Lars Marius Garshol larsga@ifi.uio.no
19 Apr 1999 10:32:49 +0200

* Lars Marius Garshol
| I think it makes sense to have something a bit more lightweight and
| easier to use than the DOM. However, why not build it on top of SAX
| instead of pyexpat? No reason to restrict ourselves to just one
| parser, is there?

* Greg Stein
| No particular reason, although it will be somewhat slower if based
| on SAX. 

It will, so maybe we should consider making two builders?

| I see in drv_pyexpat.py that the startElement handler does a good
| bit of work before getting to the "real" start handler. It would be
| nice to skip that :-) (honestly, though, I don't know what kind of
| overhead it creates).

If you have a lot of attributes I guess it will be slow, but I think
applications using your qp_xml will essentially have to redo that work
(and quite possibly in a less efficient manner), since they can't just
do a simple lookup to get the attribute values.

So your qp_xml would be nicer if it had a hash of attributes instead
of a list, and applications based on it would very likely be faster.

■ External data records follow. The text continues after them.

(* Let $n$ be a positive odd integer and let $s$ be an integer with $0\leqslant s\leqslant (n-1)/2$. Then $$ \sum_{k=0}^{(n-1)/2}\frac{(aq;q^2)_k\,(q/a;q^2)_{k+s}}{(q^2;q^2)_k\,(q^2;q^2)_{k+s} } \equiv (-1)^{(n-1)/2}q^{(1-n^2)/4}\pmod{(1-aq^n)(a-q^n)}. $$
   Context: $a,q$ are indeterminates. The $q$-shifted factorial is $(y;q)_0=1$ and $(y;q)_m=(1-y)(1-yq)\cdots(1-yq^{m-1})$ for $m\geqslant1$. For rational functions $A,B$ and a polynomial $P$, $A\equiv B\pmod P$ means $A-B=P\cdot C/D$ for polynomials $C,D$ with $D$ coprime to $P$. *)

From HB Require Import structures.
From mathcomp Require Import all_boot all_order all_algebra fraction.
Set Implicit Arguments. Unset Strict Implicit. Unset Printing Implicit Defensive.
Import Order.TTheory GRing.Theory Num.Theory.
Local Open Scope ring_scope.

(* Bivariate polynomial ring Q[a,q] as {poly {poly rat}}:
   q is the inner variable, a is the outer variable. *)
Definition Pol := {poly {poly rat}}.
Definition RatF := {fraction Pol}.

Definition qvar : Pol := 'X%:P.
Definition avar : Pol := 'X.

Definition qA : RatF := tofrac qvar.
Definition aA : RatF := tofrac avar.

Definition qpoch (R : pzRingType) (y q : R) (m : nat) : R :=
  \prod_(i < m) (1 - y * q ^+ i).

Definition pdvd (g p : Pol) : Prop := exists h : Pol, p = g * h.
Definition pcoprime (p d : Pol) : Prop :=
  forall g : Pol, pdvd g p -> pdvd g d -> g \is a GRing.unit.

Definition congr_mod (A B : RatF) (P : Pol) : Prop :=
  exists C D : Pol, D != 0 /\ pcoprime P D /\ A - B = tofrac (P * C) / tofrac D.

(* Put m = (n - 1)/2.  Multiplying LHS - RHS by
   a^(m+s) q^(m(m+1)) (q^2;q^2)_m (q^2;q^2)_(m+s), which is coprime to the modulus, gives a
   polynomial N(a, q).  The modulus (1 - a q^n)(a - q^n) has the roots a = q^n and a = q^-n,
   and at both of them the sum is a terminating q-series equal to (-1)^m q^(-m(m+1)): a Gosper
   antidifference shows that the sum does not change when s moves by one, which reduces both
   evaluations to s = m at a = q^n, where only the term k = 0 survives and is a reversed
   q-Pochhammer quotient.  So N vanishes at both roots and pseudo-division by the modulus, whose
   leading coefficient -q^n is again coprime to it, yields the congruence. *)

From HB Require Import structures.
From mathcomp Require Import all_boot all_order all_algebra fraction.
From mathcomp Require Import ring zify.
Import GRing.Theory.
Set Implicit Arguments. Unset Strict Implicit. Unset Printing Implicit Defensive.
Local Open Scope ring_scope.

Definition qprod (R : pzRingType) (y p : R) (lo hi : nat) : R :=
  \prod_(lo <= i < hi) (1 - y * p ^+ i).

Lemma qpochS (R : pzRingType) (y p : R) k :
  qpoch y p k.+1 = qpoch y p k * (1 - y * p ^+ k).
Proof. by rewrite /qpoch big_ord_recr. Qed.
(* There is an absolute constant $C$ such that for every odd prime $p$ and every integer $n\ge2$, if $D$ and $X$ are independent and uniform on $\{0,1\}^{n-1}$ and $S=\sum_{i=1}^{n-1}X_i(-1)^{h(D)_i}$, then $$\mathbb{E}\big[q_p(S)\big]\le\tfrac12-\tfrac1\pi+\tfrac1{2p}+Cp^{3/2}e^{-n/(4p^2)},$$ where for an integer $k$, $q_p(k)=\sin^2(-\tfrac\pi4+\tfrac\pi pk)$ if $(k\bmod p)<p/2$ and $q_p(k)=\cos^2(-\tfrac\pi4+\tfrac\pi pk)$ otherwise.
   Context: $k\bmod p\in\{0,\dots,p-1\}$. Binary tree $B_n$: vertices $v_0,\dots,v_{n-1}$, root $v_0$; for $i\ge1$ the parent of $v_i$ is $v_{\lfloor(i-1)/2\rfloor}$ and $e_i$ joins $v_i$ to its parent. For $d\in\{0,1\}^{n-1}$, $h(d)_i=\bigoplus_{j:\,e_j\text{ on the path from }v_0\text{ to }v_i}d_j$. *)

From Stdlib Require Import Reals ZArith Znumtheory List Lia.
Open Scope R_scope.

Fixpoint all_bits (m : nat) : list (list bool) :=
  match m with
  | O => nil :: nil
  | S m' => flat_map (fun l => (false :: l) :: (true :: l) :: nil) (all_bits m')
  end.

(* Edge label d_j (1 <= j <= n-1) of the vector d = [d_1; ...; d_{n-1}]. *)
Definition bit (d : list bool) (j : nat) : bool := nth (j - 1) d false.

(* h(d)_i : xor of d_j over edges e_j on the path from v_0 to v_i in B_n.
   Parent of v_i (i >= 1) is v_{(i-1)/2}. Fuel i suffices since the parent index is < i. *)
Fixpoint h_fuel (fuel : nat) (d : list bool) (i : nat) : bool :=
  match fuel with
  | O => false
  | S f => match i with
           | O => false
           | S _ => xorb (bit d i) (h_fuel f d (Nat.div (i - 1) 2))
           end
  end.
Definition h (d : list bool) (i : nat) : bool := h_fuel i d i.

Definition S_val (n : nat) (d x : list bool) : Z :=
  fold_right Z.add 0%Z
    (map (fun i => (if bit x i then 1 else 0) * (if h d i then -1 else 1))%Z
         (seq 1 (n - 1))).

Definition q (p k : Z) : R :=
  if Rlt_dec (IZR (Z.modulo k p)) (IZR p / 2)
  then (sin (- (PI / 4) + PI / IZR p * IZR k)) ^ 2
  else (cos (- (PI / 4) + PI / IZR p * IZR k)) ^ 2.

Definition sumR (l : list R) : R := fold_right Rplus 0 l.

Definition expect_q (p : Z) (n : nat) : R :=
  sumR (flat_map (fun d => map (fun x => q p (S_val n d x)) (all_bits (n - 1)))
                 (all_bits (n - 1)))
  / (2 ^ (n - 1) * 2 ^ (n - 1)).

From Stdlib Require Import Reals ZArith Znumtheory List Lia Lra.
Open Scope R_scope.

(* For a fixed tree labelling D = d, the sum S is the endpoint of a lazy walk on Z whose i-th
   step is 0 or (-1)^(h(d)_i), each with probability 1/2; the tree only enters through these
   signs. Averaging a p-periodic F over one step is the operator F |-> (F + F(. + e))/2 with
   e = +-1. It preserves the mean of F over a period and, by the discrete Poincare inequality on
   Z/p (sum of squares of a mean-zero g is at most p^2/2 times its Dirichlet energy), contracts
   the variance by 1 - 1/(2p^2). So E[q_p(S) | D = d] is within sqrt(p) e^(-(n-1)/(4p^2)) of the
   period mean of q_p, which telescoping the product-to-sum formula evaluates to
   1/2 - cot(pi/(2p))/(2p) <= 1/2 - 1/pi + 1/(2p). *)

Fixpoint sumN (f : nat -> R) (n : nat) : R :=
  match n with O => 0 | S n' => sumN f n' + f n' end.

Lemma sumN_ext f g n : (forall r, (r < n)%nat -> f r = g r) -> sumN f n = sumN g n.
Proof.
  induction n as [|n IH]; intros Hfg; simpl; [reflexivity|].
  rewrite IH, (Hfg n); [reflexivity|lia|intros; apply Hfg; lia].
Qed.

Lemma sumN_add f g n : sumN (fun r => f r + g r) n = sumN f n + sumN g n.
Proof. induction n as [|n IH]; simpl; [ring|rewrite IH; ring]. Qed.

Lemma sumN_scal c f n : sumN (fun r => c * f r) n = c * sumN f n.
Proof. induction n as [|n IH]; simpl; [ring|rewrite IH; ring]. Qed.

Lemma sumN_const c n : sumN (fun _ => c) n = INR n * c.
Proof. induction n as [|n IH]; simpl sumN; [simpl; ring|rewrite IH, S_INR; ring]. Qed.

Lemma sumN_le f g n : (forall r, (r < n)%nat -> f r <= g r) -> sumN f n <= sumN g n.
Proof.
  induction n as [|n IH]; intros Hfg; simpl; [lra|].
  apply Rplus_le_compat; [apply IH; intros; apply Hfg|apply Hfg]; lia.
Qed.

Lemma sumN_nonneg f n : (forall r, (r < n)%nat -> 0 <= f r) -> 0 <= sumN f n.
Proof. intros Hf. rewrite <- (Rmult_0_r (INR n)), <- sumN_const. now apply sumN_le. Qed.

Lemma sumN_le_n f m n : (forall r, 0 <= f r) -> (m <= n)%nat -> sumN f m <= sumN f n.
Proof. intros Hf Hmn. induction Hmn as [|n _ IH]; simpl; [lra|specialize (Hf n); lra]. Qed.

Lemma sumN_term_le f i n : (forall r, 0 <= f r) -> (i < n)%nat -> f i <= sumN f n.
Proof.
  intros Hf Hi. apply Rle_trans with (sumN f (S i)); [|now apply sumN_le_n].
  simpl. pose proof (sumN_nonneg f i (fun r _ => Hf r)). lra.
Qed.

Lemma sumN_shift a n : sumN (fun r => a (S r)) n + a O = sumN a n + a n.
Proof. induction n as [|n IH]; simpl; lra. Qed.

Lemma sumN_telescope u n : sumN (fun r => u (S r) - u r) n = u n - u O.
Proof. induction n as [|n IH]; simpl; [ring|rewrite IH; ring]. Qed.

Lemma sumN_INR n : sumN INR n = INR n * (INR n - 1) / 2.
Proof. induction n as [|n IH]; simpl sumN; [simpl; field|rewrite IH, S_INR; field]. Qed.

Lemma sumN_sq_le a n : sumN a n ^ 2 <= INR n * sumN (fun r => a r ^ 2) n.
Proof.
  induction n as [|n IH]; [simpl; lra|].
  destruct n as [|n]; [simpl; lra|].
  cbn [sumN] in *. rewrite S_INR.
  set (s := sumN a n + a n) in *. set (Q := sumN _ n + a n ^ 2) in *.
  set (k := INR (S n)) in *. set (b := a (S n)).
  assert (Hk : 0 < k) by apply lt_0_INR, Nat.lt_0_succ.
  pose proof (pow2_ge_0 (s - k * b)).
  assert (Hcross : 2 * s * b <= Q + k * b ^ 2) by (apply Rmult_le_reg_l with k; nra).
  nra.
Qed.

Section PeriodicFunctions.

Variable P : nat.

Definition periodic (F : Z -> R) : Prop := forall z, F (z + Z.of_nat P)%Z = F z.

Definition sumP (F : Z -> R) : R := sumN (fun r => F (Z.of_nat r)) P.

Definition pmean (F : Z -> R) : R := sumP F / INR P.

Definition pvar (F : Z -> R) : R := sumP (fun z => (F z - pmean F) ^ 2).

Definition rho : R := 1 - 1 / (2 * INR P ^ 2).

Definition lazy_step (e : Z) (F : Z -> R) (z : Z) : R := (F z + F (z + e)%Z) / 2.

Lemma sumP_ext F G : (forall z, F z = G z) -> sumP F = sumP G.
Proof. intros HFG. apply sumN_ext. intros; apply HFG. Qed.

Lemma sumP_add F G : sumP (fun z => F z + G z) = sumP F + sumP G.
Proof. apply sumN_add. Qed.

Lemma sumP_scal c F : sumP (fun z => c * F z) = c * sumP F.
Proof. apply sumN_scal. Qed.

Lemma sumP_shift_succ F : periodic F -> sumP (fun z => F (z + 1)%Z) = sumP F.
Proof.
  intros HF. unfold sumP.
  pose proof (sumN_shift (fun r => F (Z.of_nat r)) P) as Hshift.
  assert (Hwrap : F (Z.of_nat P) = F (Z.of_nat 0)) by (rewrite <- (HF (Z.of_nat 0)); f_equal).
  rewrite (sumN_ext _ (fun r => F (Z.of_nat (S r)))) by (intros; f_equal; lia).
  lra.
Qed.
(* Let $(G,t)$ be an infinite biosphere. Then: (1) $\mathrm{CONV}$ is upward generic; (2) $\mathrm{CA}$ is upward generic; (3) $\mathrm{REF}$ is upward generic; (4) $\mathrm{IAP}\cap\mathrm{CONV}\cap\mathrm{CA}\cap\mathrm{REF}$ is upward generic.
   Context: An infinite biosphere is a directed graph $G$ together with a function $t$ assigning a real number $t(v)$ to each vertex, such that: (1) if $v$ is a parent of $w$ (edge from $v$ to $w$) then $t(v)<t(w)$; (2) for every $r\in\mathbb R$ at most finitely many vertices $v$ have $t(v)<r$; (3) every vertex has finitely many children; (4) $G$ is infinite. $v$ is an ancestor of $w$ (and $w$ a descendant of $v$) if there is a directed path $v=v_1,\dots,v_n=w$ with $n>1$. A $G$-subset is a set of vertices. Define the following sets of $G$-subsets: $\mathrm{IAP}$: those $S$ such that no $v\in S$ has both infinitely many descendants in $S$ and infinitely many non-descendants in $S$ (identical ancestor point axiom). $\mathrm{CONV}$: those $S$ such that every $v\in G$ having an ancestor in $S$ and a descendant in $S$ lies in $S$. $\mathrm{CA}$: those $S$ for which there exists $v\in S$ such that every $w\in S$ with $w\neq v$ is a descendant of $v$ (common ancestor property). $\mathrm{REF}$: those $S$ such that every $v\in S$ which has infinitely many descendants in $G$ has infinitely many descendants in $S$ (reflection property). For a nonempty linear order $(X,<)$, an ascending chain of $G$-subsets indexed by $X$ is a family $\{C_\alpha\}_{\alpha\in X}$ with $C_\alpha\subseteq C_\beta$ whenever $\alpha<\beta$. A set $T$ of $G$-subsets is upward generic if for every ascending chain $\{C_\alpha\}_{\alpha\in X}$ of nonempty $G$-subsets with each $C_\alpha\in T$, $\bigcup_\alpha C_\alpha\in T$. *)

From Stdlib Require Import Reals List Relations.
Open Scope R_scope.

Definition finite_pred {V : Type} (P : V -> Prop) : Prop :=
  exists l : list V, forall x, P x -> In x l.

Definition infinite_pred {V : Type} (P : V -> Prop) : Prop := ~ finite_pred P.

(* A directed graph is given by a vertex type V and an edge relation E:
   E v w means "v is a parent of w" (edge from v to w). *)
Definition is_infinite_biosphere (V : Type) (E : V -> V -> Prop) (t : V -> R) : Prop :=
  (forall v w, E v w -> t v < t w) /\
  (forall r : R, finite_pred (fun v => t v < r)) /\
  (forall v, finite_pred (fun w => E v w)) /\
  infinite_pred (fun _ : V => True).

Definition ancestor {V : Type} (E : V -> V -> Prop) : V -> V -> Prop :=
  clos_trans V E.

Definition gsubset (V : Type) := V -> Prop.

Definition IAP {V : Type} (E : V -> V -> Prop) (S : gsubset V) : Prop :=
  forall v, S v ->
    ~ (infinite_pred (fun w => S w /\ ancestor E v w) /\
       infinite_pred (fun w => S w /\ ~ ancestor E v w)).

Definition CONV {V : Type} (E : V -> V -> Prop) (S : gsubset V) : Prop :=
  forall v, (exists a, S a /\ ancestor E a v) -> (exists d, S d /\ ancestor E v d) -> S v.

Also, I think it might make sense to modify pyexpat to create a hash
in the PyAPI wrapping instead of a list as it does now. That would
most likely be both the fastest and the nicest solution.
| It might be nice to switch it to SAX and bench the pure pyexpat
| version against the SAX version.

Feel free. I don't have the time, I'm afraid.
| I do agree that SAX-based would be the Right Thing, but I'm also
| willing to trade that for speed since people can always use the DOM
| if they need to use a different, underlying parser (such as
| xmlproc).

Or sgmlop, or htmllib, or sgmllib. Or, when I get round to it, SP or
Java parsers under JPython. Maybe also RXP.

--Lars M.